Collected data:
********

Lemma orbE (x : 'I_N) (j : 'I_m) : (x \in orb p N j) = (blk x == j).
Proof. by rewrite inE -(inj_eq val_inj). Qed.

Lemma val_cyc k (i : 'I_N) : val (cyc p N k i) = i %/ p * p + (i %% p + k (i %/ p)) %% p.
Proof.
rewrite /cyc val_insubd ifT //.
have r_lt := ltn_pmod (i %% p + k (i %/ p)) (ord_p_gt0 i).
have : (i %/ p).+1 * p <= m * p by rewrite leq_mul2r blk_lt orbT.
by rewrite mulSn; lia.
Qed.

Lemma blk_cyc k (i : 'I_N) : blk (cyc p N k i) = blk i.
Proof.
have p_gt0 := ord_p_gt0 i.
by apply: val_inj; rewrite /= val_cyc divnMDl // (divn_small (ltn_pmod _ p_gt0)) addn0.
Qed.

Lemma cyc_modp k (i : 'I_N) : cyc p N k i %% p = (i %% p + k (i %/ p)) %% p.
Proof. by rewrite val_cyc modnMDl modn_mod. Qed.

Lemma eq_ord_divmod (x y : 'I_N) : x %/ p = y %/ p -> x %% p = y %% p -> x = y.
Proof.
by move=> eq_div eq_mod; apply: val_inj; rewrite /= (divn_eq x p) (divn_eq y p) eq_div eq_mod.
Qed.

Lemma cyc_divp k (i : 'I_N) : cyc p N k i %/ p = i %/ p.
Proof. exact: (congr1 val (blk_cyc k i)). Qed.

Lemma cyc_inj k : injective (cyc p N k).
Proof.
move=> x y eq_xy; have eq_div : x %/ p = y %/ p by rewrite -(cyc_divp k) eq_xy cyc_divp.
apply: eq_ord_divmod => //; apply/eqP.
have /eqP := congr1 (modn^~ p) (congr1 val eq_xy).
by rewrite !cyc_modp eq_div eqn_modDr !modn_mod.
Qed.

Lemma cyc_comm k k' (x : 'I_N) : cyc p N k (cyc p N k' x) = cyc p N k' (cyc p N k x).
Proof. by apply: eq_ord_divmod; rewrite ?cyc_divp // !cyc_modp !cyc_divp !modnDml addnAC. Qed.

Lemma iter_sigE n (x : 'I_N) : iter n sigma x = cyc p N (fun=> n) x.
Proof.
elim: n => [|n IHn]; [|rewrite iterS IHn /sig]; apply: eq_ord_divmod; rewrite ?cyc_divp //.
  by rewrite cyc_modp addn0 modn_mod.
by rewrite !cyc_modp modnDml -addnA addn1.
Qed.

Lemma iter_sig_cyc n k (x : 'I_N) : iter n sigma (cyc p N k x) = cyc p N k (iter n sigma x).
Proof. by rewrite !iter_sigE cyc_comm. Qed.

Lemma blk_iter_sig n (x : 'I_N) : blk (iter n sigma x) = blk x.
Proof. by rewrite iter_sigE blk_cyc. Qed.

Lemma same_blk_iter_sig (x y : 'I_N) :
  blk x = blk y -> exists2 k, k < p & y = iter k sigma x.
Proof.
move=> /(congr1 val) /= eq_div; have p_gt0 := ord_p_gt0 x.
exists ((y %% p + (p - x %% p)) %% p); first by rewrite ltn_pmod.
rewrite iter_sigE; apply: eq_ord_divmod; rewrite ?cyc_divp // cyc_modp modnDmr.
have x_lt := ltn_pmod x p_gt0.
have -> : x %% p + (y %% p + (p - x %% p)) = y %% p + p by lia.
by rewrite modnDr modn_mod.
Qed.

Lemma iter_sig_mulr_inj k (x : 'I_N) : prime p -> 0 < k < p ->
  injective (fun n : 'I_p => iter (n * k) sigma x).
Proof.
move=> p_pr /andP [k_gt0 k_lt] n1 n2 /(congr1 (fun y : 'I_N => y %% p)).
rewrite !iter_sigE !cyc_modp => /eqP; rewrite eqn_modDl eqn_prime_modM2r ?gtnNdvd //.
by rewrite !modn_small // => /eqP /val_inj.
Qed.

Lemma supp_orbE (B : {set 'I_N}) j : (j \in supp B) = (B :&: orb p N j != set0).
Proof.
apply/imsetP/set0Pn => [[x Bx ->]|[x]]; first by exists x; rewrite in_setI Bx orbE eqxx.
by rewrite in_setI orbE => /andP [Bx /eqP <-]; exists x.
Qed.

Lemma supp_iter_sig n (B : {set 'I_N}) : supp (iter n sigma @: B) = supp B.
Proof. by rewrite /supp -imset_comp; apply: eq_imset => x /=; rewrite blk_iter_sig. Qed.

End OrbitArithmetic.

Arguments blk {m p} i.
Arguments supp {m p} B.

Lemma preimset_imset (aT rT : finType) (g : aT -> rT) (B : {set aT}) :
  injective g -> g @^-1: (g @: B) = B.
Proof. by move=> g_inj; apply/setP => x; rewrite inE mem_imset. Qed.

Lemma imset_preimset (T : finType) (g : T -> T) (B : {set T}) :
  injective g -> g @: (g @^-1: B) = B.
Proof.
move=> g_inj; apply/setP => x; apply/imsetP/idP => [[y]|Bx]; first by rewrite inE => ? ->.
by exists (finv g x); rewrite ?inE f_finv.
Qed.

Lemma imset_setT_inj (T : finType) (g : T -> T) :
  injective g -> g @: [set: T] = [set: T].
Proof. by move=> g_inj; apply/eqP; rewrite eqEcard subsetT (card_imset _ g_inj) leqnn. Qed.

Lemma trivIset_mem_eq (T : finType) (P : {set {set T}}) A B x :
  trivIset P -> A \in P -> B \in P -> x \in A -> x \in B -> A = B.
Proof. by move=> tP PA PB Ax Bx; rewrite -(def_pblock tP PA Ax) (def_pblock tP PB Bx). Qed.

Lemma trivIset_memP (T : finType) (P : {set {set T}}) :
  (forall A B x, A \in P -> B \in P -> x \in A -> x \in B -> A = B) -> trivIset P.
Proof.
move=> eqP_P; apply/trivIsetP => A B PA PB; apply: contraNT => /pred0Pn [x /andP [Ax Bx]].
by rewrite (eqP_P A B x).
Qed.

Lemma sp_preim_act N (g : 'I_N -> 'I_N) w : injective g -> sp_preim N g (sp_act N g w) = w.
Proof.
move=> g_inj; rewrite /sp_preim /sp_act -imset_comp (eq_imset (g := id)) ?imset_id //.
by move=> B /=; rewrite preimset_imset.
Qed.

Lemma sp_act_preim N (g : 'I_N -> 'I_N) w : injective g -> sp_act N g (sp_preim N g w) = w.
Proof.
move=> g_inj; rewrite /sp_preim /sp_act -imset_comp (eq_imset (g := id)) ?imset_id //.
by move=> B /=; rewrite imset_preimset.
Qed.

Lemma setpart_act N (g : 'I_N -> 'I_N) a b w :
  injective g -> is_setpart N a b w -> is_setpart N a b (sp_act N g w).
Proof.
move=> g_inj /and3P [w_part /eqP card_w /forall_inP w_size]; apply/and3P; split.
- by rewrite /sp_act -(imset_setT_inj g_inj) imset_partition.
- by rewrite /sp_act card_imset ?card_w //; apply: imset_inj.
- by apply/forall_inP => _ /imsetP [B wB ->]; rewrite card_imset ?w_size.
Qed.

Section SigmaStablePartition.
Variables (m p : nat) (w : {set {set 'I_(m * p)}}).
Local Notation N := (m * p).
Local Notation sigma := (sig p N).
Hypothesis p_pr : prime p.
Hypothesis w_part : partition w [set: 'I_N].
Hypothesis w_fix : sp_act N sigma w = w.

Let p_gt0 : 0 < p. Proof. exact: prime_gt0. Qed.
Let w_triv : trivIset w. Proof. by case/and3P: w_part. Qed.

Lemma iter_sig_block n B : B \in w -> iter n sigma @: B \in w.
Proof.
move=> wB; elim: n => [|n IHn]; first by rewrite (eq_imset (g := id)) // imset_id.
by rewrite (eq_imset (g := sigma \o iter n sigma)) // imset_comp -w_fix imset_f.
Qed.

Lemma block_shift B B' x y : B \in w -> B' \in w -> x \in B -> y \in B' ->
  blk x = blk y -> exists2 k, k < p & B' = iter k sigma @: B.
Proof.
move=> wB wB' Bx B'y /same_blk_iter_sig [k k_lt y_def]; exists k => //.
by apply: (trivIset_mem_eq w_triv wB' (iter_sig_block k wB) B'y); rewrite y_def imset_f.
Qed.

Lemma supp_partition : partition [set supp B | B in w] [set: 'I_m].
Proof.
case/and3P: w_part => /eqP cover_w _ w_0; apply/and3P; split.
- apply/eqP/setP => j; rewrite inE; apply/bigcupP.
  have jp_lt : j * p < N by rewrite ltn_mul2r ltn_ord p_gt0.
  have : Ordinal jp_lt \in cover w by rewrite cover_w inE.
  case/bigcupP => B wB Bx; exists (supp B); first exact: imset_f.
  by apply/imsetP; exists (Ordinal jp_lt) => //; apply: val_inj; rewrite /= mulnK.
- apply: trivIset_memP => _ _ j /imsetP [B1 wB1 ->] /imsetP [B2 wB2 ->].
  move=> /imsetP [x1 B1x1 ->] /imsetP [x2 B2x2 eq_blk].
  by have [k _ ->] := block_shift wB1 wB2 B1x1 B2x2 eq_blk; rewrite supp_iter_sig.
- apply: contra w_0 => /imsetP [B wB /esym /eqP]; rewrite imset_eq0 => /eqP B0.
  by rewrite -B0.
Qed.

Hypothesis w_small : forall B, B \in w -> #|B| < p.

Lemma blk_block_inj B : B \in w -> {in B &, injective blk}.
Proof.
move=> wB x y Bx By /same_blk_iter_sig [[|k] k_lt y_def]; first by rewrite y_def.
rewrite {}y_def in By; exfalso.
have sigk_B : iter k.+1 sigma @: B = B.
  exact: (trivIset_mem_eq w_triv (iter_sig_block _ wB) wB (imset_f _ Bx) By).
have orbit_in_B n : iter (n * k.+1) sigma x \in B.
  by elim: n => [|n IHn] //; rewrite mulSn iterD -sigk_B imset_f.
have orbit_sub : [set iter (n * k.+1) sigma x | n : 'I_p] \subset B.
  by apply/subsetP => _ /imsetP [n _ ->]; apply: orbit_in_B.
have := subset_leq_card orbit_sub; rewrite card_imset ?card_ord; last exact: iter_sig_mulr_inj.
by rewrite leqNgt w_small.
Qed.

Lemma card_supp B : B \in w -> #|supp B| = #|B|.
Proof. by move=> wB; rewrite card_in_imset //; apply: blk_block_inj. Qed.

Lemma card_block_orb B (j : 'I_m) : B \in w -> #|B :&: orb p N j| = (j \in supp B).
Proof.
move=> wB; rewrite supp_orbE; case: (set_0Vmem (B :&: orb p N j)) => [->|[x]].
  by rewrite cards0 eqxx.
rewrite in_setI orbE => /andP [Bx /eqP <-].
suff -> : B :&: orb p N (blk x) = [set x] by rewrite -card_gt0 cards1.
apply/setP => y; rewrite in_set1 in_setI orbE; apply/andP/eqP => [[By /eqP]|->].
  exact: (blk_block_inj wB By Bx).
by rewrite Bx eqxx.
Qed.

End SigmaStablePartition.

Section FixedPartitionType.
Variables (p a s : nat) (w : {set {set 'I_(a * s * p)}}).
Local Notation N := (a * s * p).
Local Notation sigma := (sig p N).
Local Notation delta := [set supp B | B in w].
Hypothesis p_pr : prime p.
Hypothesis a_lt_p : a < p.
Hypothesis w_fixed : fixedSP p a s w.

Let w_part : partition w [set: 'I_N]. Proof. by case/andP: w_fixed => /and3P []. Qed.
Let w_fix : sp_act N sigma w = w. Proof. by case/andP: w_fixed => _ /eqP. Qed.
Let card_w : #|w| = s * p. Proof. by case/andP: w_fixed => /and3P [_ /eqP]. Qed.
Let w_size B : B \in w -> #|B| = a.
Proof. by case/andP: w_fixed => /and3P [_ _ /forall_inP w_size] _ /w_size /eqP. Qed.
Let w_small B : B \in w -> #|B| < p. Proof. by move/w_size->. Qed.
Let w_0 : set0 \notin w. Proof. by case/and3P: w_part. Qed.

Lemma card_supp_fixed B : B \in w -> #|supp B| = a.
Proof. by move=> wB; rewrite (card_supp p_pr w_part w_fix w_small wB) w_size. Qed.

Lemma card_supp_fixed_set : #|delta| = s.
Proof.
have := card_partition (supp_partition p_pr w_part w_fix).
rewrite cardsT card_ord (eq_bigr (fun=> a)) => [|_ /imsetP [B wB ->]]; last first.
  exact: card_supp_fixed.
rewrite sum_nat_const; case: (posnP a) => [a0 _|a_gt0]; last first.
  by rewrite [in X in X = _]mulnC => /eqP; rewrite eqn_pmul2r // eq_sym => /eqP.
have w_eq0 : w = set0.
  apply/setP => B; rewrite inE; apply: contraNF w_0 => wB.
  by rewrite -(cards0_eq (etrans (w_size wB) a0)).
move: card_w; rewrite w_eq0 imset0 !cards0 => /esym /eqP.
by rewrite muln_eq0 (gtn_eqF (prime_gt0 p_pr)) orbF => /eqP.
Qed.

Lemma supp_fixed_Deltas : delta \in Deltas a s.
Proof.
rewrite inE; apply/and3P; split.
- exact: (supp_partition p_pr w_part w_fix).
- by rewrite card_supp_fixed_set.
- by apply/forall_inP => _ /imsetP [B wB ->]; rewrite card_supp_fixed.
Qed.

Lemma has_type_supp : has_type p a s delta w.
Proof.
pose A := [ffun D => odflt set0 [pick B in w | supp B == D]].
have A_block D : D \in delta -> A D \in w /\ supp (A D) = D.
  case/imsetP => B wB ->; rewrite ffunE; case: pickP => [B' /andP [wB' /eqP] //|/(_ B)].
  by rewrite wB eqxx.
apply/existsP; exists A; apply/andP; split.
  apply/forall_inP => D /A_block [wAD suppAD]; apply/forallP => j.
  by rewrite (card_block_orb p_pr w_part w_fix w_small j wAD) suppAD.
apply/eqP/setP => B; apply/idP/imset2P => [wB|[D k /A_block [wAD _] _ ->]]; last first.
  exact: iter_sig_block.
have [wAD suppAD] := A_block _ (imset_f supp wB).
have [x Bx] : exists x, x \in B by apply/set0Pn; apply: contraNneq w_0 => <-.
have : blk x \in supp (A (supp B)) by rewrite suppAD imset_f.
case/imsetP => y ADy eq_blk.
have [k k_lt ->] := block_shift w_part w_fix wAD wB ADy Bx (esym eq_blk).
by exists (supp B) (Ordinal k_lt); rewrite ?imset_f ?inE.
Qed.

End FixedPartitionType.

Lemma has_type_suppE p a s d (w : {set {set 'I_(a * s * p)}}) : 0 < p ->
  has_type p a s d w -> d = [set supp B | B in w].
Proof.
move=> p_gt0 /existsP [A /andP [/forall_inP A_orb /eqP ->]].
have suppA D : D \in d -> supp (A D) = D.
  move=> dD; apply/setP => j; rewrite supp_orbE -card_gt0 (eqP (forallP (A_orb D dD) j)).
  by case: (j \in D).
apply/setP => D; apply/idP/imsetP => [dD|[_ /imset2P [D' k dD' _ ->] ->]].
  exists (iter 0 (sig p _) @: A D); last by rewrite supp_iter_sig suppA.
  by apply/imset2P; exists D (Ordinal p_gt0).
by rewrite supp_iter_sig suppA.
Qed.

Section CyclicAction.
Variables m p : nat.
Local Notation N := (m * p).
Local Notation sigma := (sig p N).

Lemma imset_cyc_comm k k' (X : {set 'I_N}) :
  cyc p N k @: (cyc p N k' @: X) = cyc p N k' @: (cyc p N k @: X).
Proof. by rewrite -!imset_comp; apply: eq_imset => x /=; rewrite cyc_comm. Qed.

Lemma imset_cyc_iter_sig k n (X : {set 'I_N}) :
  cyc p N k @: (iter n sigma @: X) = iter n sigma @: (cyc p N k @: X).
Proof. by rewrite -!imset_comp; apply: eq_imset => x /=; rewrite iter_sig_cyc. Qed.

Lemma imset_cyc_setI_orb k (A : {set 'I_N}) (j : 'I_m) :
  cyc p N k @: (A :&: orb p N j) = cyc p N k @: A :&: orb p N j.
Proof.
apply/setP => y; rewrite in_setI.
apply/imsetP/andP => [[x /setIP [Ax xj] ->]|[/imsetP [x Ax ->]]].
  by rewrite imset_f // orbE blk_cyc -orbE.
by rewrite orbE blk_cyc -orbE => xj; exists x; rewrite // in_setI Ax.
Qed.

End CyclicAction.

Lemma fixedSP_act p a s k w :
  fixedSP p a s w -> fixedSP p a s (sp_act _ (cyc p (a * s * p) k) w).
Proof.
case/andP => w_part /eqP w_fix; apply/andP; split.
  exact: setpart_act (@cyc_inj _ _ k) w_part.
rewrite {2}/sp_act -{2}w_fix /sp_act -!imset_comp; apply/eqP/eq_imset => B /=.
exact: imset_cyc_comm.
Qed.

Lemma has_type_act p a s k d w :
  has_type p a s d w -> has_type p a s d (sp_act _ (cyc p (a * s * p) k) w).
Proof.
case/existsP => A /andP [/forall_inP A_orb /eqP ->].
apply/existsP; exists [ffun D => cyc p _ k @: A D]; apply/andP; split.
  apply/forall_inP => D dD; apply/forallP => j.
  by rewrite ffunE -imset_cyc_setI_orb card_imset ?(forallP (A_orb D dD) j) //; apply: cyc_inj.
rewrite /sp_act !curry_imset2X -imset_comp; apply/eqP/eq_imset => -[D n] /=.
by rewrite ffunE imset_cyc_iter_sig.
Qed.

********

▶ EXERCISE BRIEF:
Filter these records, keeping every line where the word "SigmaStablePartition" occurs.

▶ OUTPUT BELOW:
Section SigmaStablePartition.
End SigmaStablePartition.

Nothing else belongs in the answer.